From d6f8671505956401691e3c35d19499470f582a88 Mon Sep 17 00:00:00 2001
From: Bruno Haible <bruno@clisp.org>
Date: Thu, 9 Jan 2020 02:04:07 +0100
Subject: [PATCH 4/4] c32tob: Make consistent with mbrtoc32.

* lib/c32tob.c: Include <stdio.h>, <string.h>, <wchar.h>.
(c32tob): If the char32_t encoding and the wchar_t encoding may differ,
use c32rtomb, not wctob.
* modules/c32tob (Files): Add m4/mbrtoc32.m4.

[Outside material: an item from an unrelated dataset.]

(* Multiplication (the ternary relation $w=xy$) is uniformly positive existentially definable: (1) over the language $\{0,1,+,R\}$ in the class $\mathcal{N}=\{\mathfrak{N}_p : p \text{ prime}\}$; (2) over the language $\{0,1,+,\mathrm{pos},R\}$ in the class $\mathcal{Z}=\{\mathfrak{Z}_p : p\text{ prime}\}$; (3) over the language $\{0,1,+,\mid,R,T\}$ in the class $\mathcal{D}=\{\mathfrak{D}_p : p\text{ prime}\}$. That is, in each case there is one positive existential formula $\mu(x,y,w)$ of the given language defining $w=xy$ in every structure of the class.
   Context: For a prime $p$, $x\mid_p y$ on $\mathbb{Z}$ means there exists $s\in\mathbb{Z}$ with $y=\pm x p^s$ (same symbol for its restriction to $\mathbb{N}$; $\mathbb{N}$ contains $0$). $\mathfrak{N}_p=(\mathbb{N};0,1,+,\mid_p)$ with $R$ interpreted as $\mid_p$. $\mathfrak{Z}_p=(\mathbb{Z};0,1,+,\mathrm{pos},\mid_p)$ where the unary relation $\mathrm{pos}(x)$ means $x\geq 0$ and $R$ is $\mid_p$. $\mathfrak{D}_p=(\mathbb{Z};0,1,+,\mid,\mid_p,\mathbb{Z}\smallsetminus\{-1,0,1\})$, where $\mid$ is ordinary divisibility, $R$ is $\mid_p$, and the unary predicate $T$ is interpreted as $\mathbb{Z}\smallsetminus\{-1,0,1\}$. *)

From Stdlib Require Import ZArith Znumtheory.
Open Scope Z_scope.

(Depends-on): Add c32rtomb.
(configure.ac): Require gl_MBRTOC32_SANITYCHECK.
---
 ChangeLog      | 10 ++++++++++
 lib/c32tob.c   | 19 ++++++++++++++++++-
 modules/c32tob |  3 +++
 3 files changed, 31 insertions(+), 1 deletion(-)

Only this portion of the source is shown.